Here is hypothesized a truly revolutionary notion that rounded cystic forms of Borrelia burgdorferi are the root cause of the rounded structures called plaques in the Alzheimer brain. Rounded “plaques’ in high density in brain tissue are emblematic of Alzheimer’s disease (AD). Plaques may be conceptualized as rounded “pock mark-like” areas of brain tissue injury. In this century, in brain tissue of AD, plaques are Amyloid Plaques according to the most up to date textbooks. In the last century, however, Dr. Alois Alzheimer did not require amyloid as the pathogenesis for either the disease or for the origin of its plaques. Surely, amyloid is an event in AD, but it may not be the primal cause of AD. Indeed in plaques, amyloid is regularly represented by the “congophilic core” structure which is so named because the waxy amyloid material binds the congo red stain and is congophilic. However an accepted subset of plaques in AD is devoid of a congophilic amyloid core region (these plaques “cotton wool” type plaques, lack a central congophilic core structure). Furthermore, there is “plaque diversity” in Alzheimer’s; small, medium and large plaques parallel variable cystic diameters for Borrelia burgdorferi. Perturbations of AD plaque structure (i.e. young plaques devoid of a central core and older plaques with or without a central core structure) offer room for an alternate pathway for explanation of ontogeny of the plaque structures. If amyloid is not required to initiate all of the possible plaques in Alzheimer’s, is it possible that amyloid just a by product of a more fundamental primal path to dementia? If a byproduct status is assigned to amyloid in the realm of plaque formation, then is amyloid also an epiphenomenon rather than a primary pathogenesis for Alzheimer’s disease. In the “anatomy is destiny” model, cysts of borrelia are always round. Why then not accept roundness as a fundamental “structure determines function” argument for the answer to the mystery of why Alzheimer plaques are always round? Parataxis causality, a concept borrowed from philosophy, is the error that comes from linking two events, which occur contemporaneously or in close proximity to one another with a cause and effect relationship. Parataxis tells us that what appears to be cause and effect in the couplet “amyloid plaque” merely by a proximity relationship may be “spurious causality” which is a cognitive dead end.

Introduction

The first published report of a cystic form for Borrelia burgdorferi, the etiologic agent of Lyme Borreliosis, was offered as a video poster presentation “Concurrent Neocortical Borreliosis and Alzheimer’s Disease – Demonstration of s Spirochetal Cyst Form”, at the International Conference on Lyme Disease and Related Disorders which was sponsored by the New York Academy of Sciences and the New York Department of Health on September 14–16, 1987 [1].
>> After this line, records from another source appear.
Lemma dirterm_le_sqr_sub_sqrt u v M : 0 < u -> 0 < v ->
  ln (u / v) <= M -> ln (v / u) <= M ->
  dirterm u v <= (Num.sqrt u - Num.sqrt v) ^+ 2 * (M + 4).
Proof.
wlog uv : u v / u <= v.
  move=> H u0 v0 h1 h2; have [|vu] := leP u v; first by move=> ?; exact: H.
  by rewrite dirtermC // -sqrrN opprB; apply: H => //; exact: ltW.
move=> u0 v0 _ hM; set a := Num.sqrt u; set b := Num.sqrt v.
have a0 : 0 < a by rewrite sqrtr_gt0.
have ua : u = a ^+ 2 by rewrite sqr_sqrtr // ltW.
have vb : v = b ^+ 2 by rewrite sqr_sqrtr // ltW.
have ab : a <= b by rewrite ler_sqrt // ltW.
set L := ln (v / u).
have L0 : 0 <= L by apply: ln_ge0; rewrite ler_pdivlMr // mul1r.
have hL : L = 2 * ln (b / a).
  by rewrite /L ua vb -expr_div_n lnXn ?divr_gt0 ?(lt_le_trans a0) // mulr_natl.
have haL : a * L <= 2 * (b - a).
  have : a * ln (b / a) <= a * (b / a - 1).
    by rewrite ler_pM2l //; apply: ln_le_subr1; rewrite divr_gt0 ?(lt_le_trans a0).
  rewrite mulrBr mulr1 [a * (b / a)]mulrC divfK ?gt_eqF // hL; lra.
rewrite dirtermC // /dirterm -/L ua vb.
have h1 : 0 <= (b - a) * (2 * (b - a) - a * L) by apply: mulr_ge0; lra.
have h2 : 0 <= (b - a) ^+ 2 * (M - L) by apply: mulr_ge0; [exact: sqr_ge0 | rewrite subr_ge0].
nra.
Qed.

End DirTerm.

Definition edges {A : Type} (l : seq A) : seq (A * A) := zip l (behead l).

Lemma edges_consl {A : eqType} (a : A) l : {subset edges l <= edges (a :: l)}.
Proof. by case: l => [|b l] //= z; rewrite inE => ->; rewrite orbT. Qed.

Lemma size_edges {A : Type} (l : seq A) : size (edges l) = (size l).-1.
Proof. by case: l => [|a l] //; rewrite /edges size_zip /= (minn_idPr (leqnSn _)). Qed.

Lemma path_edges {A : Type} (e : rel A) x s :
  path e x s = all (fun q => e q.1 q.2) (edges (x :: s)).
Proof. by elim: s x => [|y s IH] x //=; rewrite IH. Qed.

Lemma uniq_edges {A : eqType} (l : seq A) : uniq l -> uniq (edges l).
Proof.
case: l => [|a l] //= /andP[_ ul].
have : uniq (unzip2 (zip (a :: l) l)) by rewrite unzip2_zip.
exact: map_uniq.
Qed.

Lemma path_mem_edges {A : eqType} (x : A) s :
  path (fun u v => (u, v) \in edges (x :: s)) x s.
Proof.
elim: s x => [|y s IH] x //=; rewrite inE eqxx /=.
by apply: sub_path (IH y) => u v; apply: edges_consl.
Qed.

Lemma simple_subwalk {A : eqType} (x : A) s : exists s',
  [/\ last x s' = last x s, uniq (x :: s'), (size s' <= size s)%N &
      {subset edges (x :: s') <= edges (x :: s)}].
Proof.
case: (shortenP (path_mem_edges x s)) => s' hs' us' sub.
exists s'; split => //.
- by apply: (uniq_leq_size _ sub); case/andP: us'.
- by move: hs'; rewrite path_edges => /allP h [u v] /h.
Qed.

Section RealSeq.
Variable R : realFieldType.

Lemma mul_sum_le {A : Type} (h : A -> R) (s : seq A) c :
  2 * c * \sum_(e <- s) h e <= \sum_(e <- s) h e ^+ 2 + (size s)%:R * c ^+ 2.
Proof.
elim: s => [|a s IH]; first by rewrite !big_nil mul0r mulr0 addr0.
rewrite !big_cons /= -[(size s).+1]addn1 natrD.
have : 0 <= (h a - c) ^+ 2 by exact: sqr_ge0.
lra.
Qed.

Lemma sqr_sum_le {A : Type} (h : A -> R) (s : seq A) :
  (\sum_(e <- s) h e) ^+ 2 <= (size s)%:R * \sum_(e <- s) h e ^+ 2.
Proof.
elim: s => [|a s IH]; first by rewrite !big_nil expr0n /= mul0r.
rewrite !big_cons /= -[(size s).+1]addn1 natrD.
have := mul_sum_le h s (h a).
have : 0 <= (size s)%:R :> R by [].
nra.
Qed.

Lemma telescope_edges {A : Type} (g : A -> R) x s :
  g (last x s) - g x = \sum_(e <- edges (x :: s)) (g e.2 - g e.1).
Proof.
elim: s x => [|y s IH] x /=; first by rewrite big_nil subrr.
by rewrite big_cons /= -IH; ring.
Qed.

End RealSeq.

Section Generator.
Variables (R : realType) (T : finType) (pi : T -> R) (Q : T -> T -> R).
Hypothesis hg : rev_generator pi Q.

Lemma generator_diag_le0 x : Q x x <= 0.
Proof.
case: hg => _ _ Qge0 Qsum _; have := Qsum x; rewrite (bigD1 x) //=.
have : 0 <= \sum_(y | y != x) Q x y.
  by apply: sumr_ge0 => y yx; apply: Qge0; rewrite eq_sym.
lra.
Qed.

Lemma generator_gt0_neq x y : 0 < Q x y -> x != y.
Proof.
by apply: contraTneq => ->; rewrite -leNgt generator_diag_le0.
Qed.

Lemma generator_offdiag_eq0 x y : x != y -> ~~ (0 < Q x y) -> Q x y = 0.
Proof.
by case: hg => _ _ Qge0 _ _ xy; rewrite -leNgt => Q0; apply/eqP; rewrite eq_le Q0 Qge0.
Qed.

Lemma adjQC x y : adjQ Q x y = adjQ Q y x.
Proof.
case: hg => pi0 _ _ _ rev; rewrite /adjQ eq_sym; congr (_ && _).
have e z w : (Q z w != 0) = (pi z * Q z w != 0) by rewrite mulf_eq0 (gt_eqF (pi0 z)).
by rewrite e rev -e.
Qed.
Subsequently, beginning in 1994, published reports of cysts of Borrelia burgdorferi began to appear in the peer reviewed literature, and to date more than 40 articles from workers in Europe and the United States have ratified the scientific validity of rounded cystic forms of the spirochete emerging from the corkscrew forms under conditions of adversity (starvation, osmolar shock, acid pH, and antibiotic effects) [2].
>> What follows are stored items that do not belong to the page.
(* Let $I:\mathcal{G}\to\mathcal{V}$ be a morphism of rings with several objects such that the induced adjoint pair $(I^*,I_* )$, $I^*:\mathrm{Mod}(\mathcal{G})\to\mathrm{Mod}(\mathcal{V})$, $I_*:\mathrm{Mod}(\mathcal{V})\to\mathrm{Mod}(\mathcal{G})$, is a localization (i.e. $I^*$ is exact and $I_*$ is fully faithful). Then $I^*$ and $I_*$ are mutually inverse equivalences of categories if and only if $\mathcal{G}(-,G)$ is a $\operatorname{Ker} I^*$-closed $\mathcal{G}$-module for all $G\in\mathcal{G}$.
   Context: All categories are preadditive and all functors are additive. A ring with several objects is a small preadditive category. $\mathrm{Mod}(\mathcal{G})$ is the category of additive functors $\mathcal{G}^{op}\to\mathrm{Ab}$. $I_*Y=Y\circ I$ is the restriction functor and $I^*$ is its left adjoint, the colimit-preserving functor with $I^*\mathcal{G}(-,G)=\mathcal{V}(-,IG)$. $\operatorname{Ker} I^*$ is the full subcategory of modules annihilated by $I^*$ (a localizing subcategory, since $I^*$ is exact and colimit-preserving). For a localizing subcategory $\mathcal{L}$, a module $X$ is $\mathcal{L}$-closed if $\mathrm{Hom}(L,X)=0=\mathrm{Ext}^1(L,X)$ for all $L\in\mathcal{L}$. *)

From HB Require Import structures.
From mathcomp Require Import all_boot all_algebra.
Unset Implicit Arguments.
Unset Strict Implicit.
Unset Printing Implicit Defensive.
Import GRing.Theory.
Local Open Scope ring_scope.
Section MergedDictator0.
Hypothesis merge01_dict0 :
  forall Q : profile A n.+1, in_dom D Q -> f (merge01 Q) = top (Q ord0).

Lemma slice_unanimous (P : profile A n.+2) R : in_dom D P -> R \in D -> slice P R R = top R.
Proof.
move=> PD RD; rewrite /slice -(update_update P ord0 (P v1)) -merge01_shift.
rewrite -merge01_update0 merge01_dict0 ?update_eq //.
by apply: in_dom_update => // k; apply: PD.
Qed.

Lemma slice_sp_l (P : profile A n.+2) P1 P1' P2 :
  in_dom D P -> P1 \in D -> P1' \in D -> P2 \in D ->
  ~~ prefers P1 (slice P P1' P2) (slice P P1 P2).
Proof.
move=> PD P1D P1'D P2D; set S := update (update P ord0 P1) v1 P2.
have SD : in_dom D S by apply: in_dom_update => //; apply: in_dom_update.
have := @f_sp S ord0 P1' SD P1'D; rewrite /S update_neq 1?eq_sym ?v1_neq0 // update_eq.
by rewrite (update_comm _ _ _ v1_neq0) update_update => /negP.
Qed.

Lemma slice_sp_r (P : profile A n.+2) P1 P2 P2' :
  in_dom D P -> P1 \in D -> P2 \in D -> P2' \in D ->
  ~~ prefers P2 (slice P P1 P2') (slice P P1 P2).
Proof.
move=> PD P1D P2D P2'D; set S := update (update P ord0 P1) v1 P2.
have SD : in_dom D S by apply: in_dom_update => //; apply: in_dom_update.
by have := @f_sp S v1 P2' SD P2'D; rewrite /S update_eq update_update => /negP.
Qed.

Lemma slice_dictatorship (P : profile A n.+2) : in_dom D P -> slice_left P \/
  forall P1 P2, P1 \in D -> P2 \in D -> slice P P1 P2 = top P2.
Proof.
move=> PD; apply: two_voter_dictatorship => *;
  [exact: slice_unanimous | exact: slice_sp_l | exact: slice_sp_r].
Qed.

Lemma slice_left_update (P : profile A n.+2) i R : in_dom D P -> R \in D ->
  slice_left P -> slice_left (update P i R).
Proof.
move=> PD RD lP P1 P2 P1D P2D.
have [->|i0] := eqVneq i ord0; first by rewrite -(lP P1 P2) // /slice update_update.
have [->|i1] := eqVneq i v1.
  by rewrite -(lP P1 P2) // /slice (update_comm _ _ _ v1_neq0) update_update.
case: (slice_dictatorship (in_dom_update i PD RD)) => [-> //|rP]; exfalso.
have [a _ a_ne] := top_edge_branch (top (P i)) (top (P i)).
pose S := update (update P ord0 (rep a)) v1 (rep (top (P i))).
have SD : in_dom D S by apply: in_dom_update (rep_in _); apply: in_dom_update (rep_in _).
have := @f_sp S i R SD RD; rewrite /S !update_neq //.
rewrite -(update_comm _ _ _ i1) -(update_comm _ _ _ i0).
have := rP (rep a) (rep (top (P i))) (rep_in _) (rep_in _).
have := lP (rep a) (rep (top (P i))) (rep_in _) (rep_in _).
by rewrite /slice => -> ->; rewrite !top_rep prefers_top.
Qed.

Lemma dictatorship_merge01_0 : dictatorship D f.
Proof.
case/card_gt0P: A_gt0 => a _; pose P0 : profile A n.+2 := fun=> rep a.
have P0D : in_dom D P0 by move=> i; apply: rep_in.
have slice_id (P : profile A n.+2) : slice P (P ord0) (P v1) = f P.
  by rewrite /slice !update_id.
have [l0|nl0] := classic (slice_left P0).
  exists ord0 => P PD; apply/is_topP; rewrite -slice_id.
  by rewrite (in_dom_update_ind slice_left_update P0D PD l0).
exists v1 => P PD; apply/is_topP; rewrite -slice_id.
case: (slice_dictatorship PD) => [lP|-> //].
by case: nl0; exact: (in_dom_update_ind slice_left_update PD P0D lP).
Qed.

End MergedDictator0.
End MergeVoters.

Lemma sp_dictatorship n (f : profile A n.+1 -> A) :
  unanimous D f -> strategy_proof D f -> dictatorship D f.
Proof.
elim: n f => [|n IH] f fU fS.
  exists ord0 => P PD; apply/is_topP/esym; apply: fU => // i.
  by rewrite (ord1 i); apply/is_topP.
have [j dj] := IH _ (merge01_unanimous fU) (merge01_sp fS).
have {}dj (Q : profile A n.+1) : in_dom D Q -> f (merge01 Q) = top (Q j).
  by move=> QD; apply/esym/is_topP/dj.
have [j0|j0] := eqVneq j ord0; last exact: dictatorship_merge01_lift j0 dj.
by apply: dictatorship_merge01_0 => //; rewrite -j0.
Qed.

End TopGraph.

End Dictatorship.

Theorem theorem3 (A : finType) (n : nat) (D : {set linord A})
    (f : ('I_n -> linord A) -> A) :
  3 <= #|A| -> 2 <= n ->
  minimally_rich D -> connected_two_neighbours D ->
  unanimous D f -> strategy_proof D f ->
  dictatorship D f.
Proof.
move=> A3 n2 D_rich D_conn; case: n f n2 => // n f _.
exact: (sp_dictatorship (leq_trans _ A3) D_rich D_conn).
Qed.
Alzheimer’s disease associated with corkscrew shaped Borrelia spirochetes in autopsy brain tissue has been reported by two pathologists [3], [4], [5], [6], but cystic forms of Borrelia burgdorferi in Alzheimer brain tissues have only been the focus of research for one pathologist in the world [7].

Cystic profiles of borrelia closely correspond to the diverse profiles of plaques, namely they are always round, and are capable of increase in size from little to big as cystic spirochetal growth progresses. Maturation of cysts parallels “maturation” of plaques of increasing age, based on observations of spirochetal cysts in a tissue culture model. Cystic spirochetes in tissue culture incorporate injured cells into their interior regions. Amyloid fibrils within blood vessels of the brain may wind up within the plaque region, now redefined as spirochetal cyst “territory”, merely because the rounded cyst “landed on a blood vessel” which contained amyloid in its wall. DNA hybridization methods demonstrate the areas where Borrelia DNA is deposited in the Alzheimer brain. Hybridizations using DNA from the spirochete develop a “map” of the terrain of the brain where, like little rounded villages and cities, rounded “map sites” of spirochetal DNA appear. Spirochetal sites on these “DNA maps” match the sites of the plaques in the Alzheimer brain. Now is the time for a new opportunity to re-evaluate Alzheimer’s disease with DNA mapping methods.

Section snippets

The hypothesis

Cystic spirochetes show close structural similarities to the profiles of AD plaques. First, will be images of the plaques, second will be spirochetal cysts.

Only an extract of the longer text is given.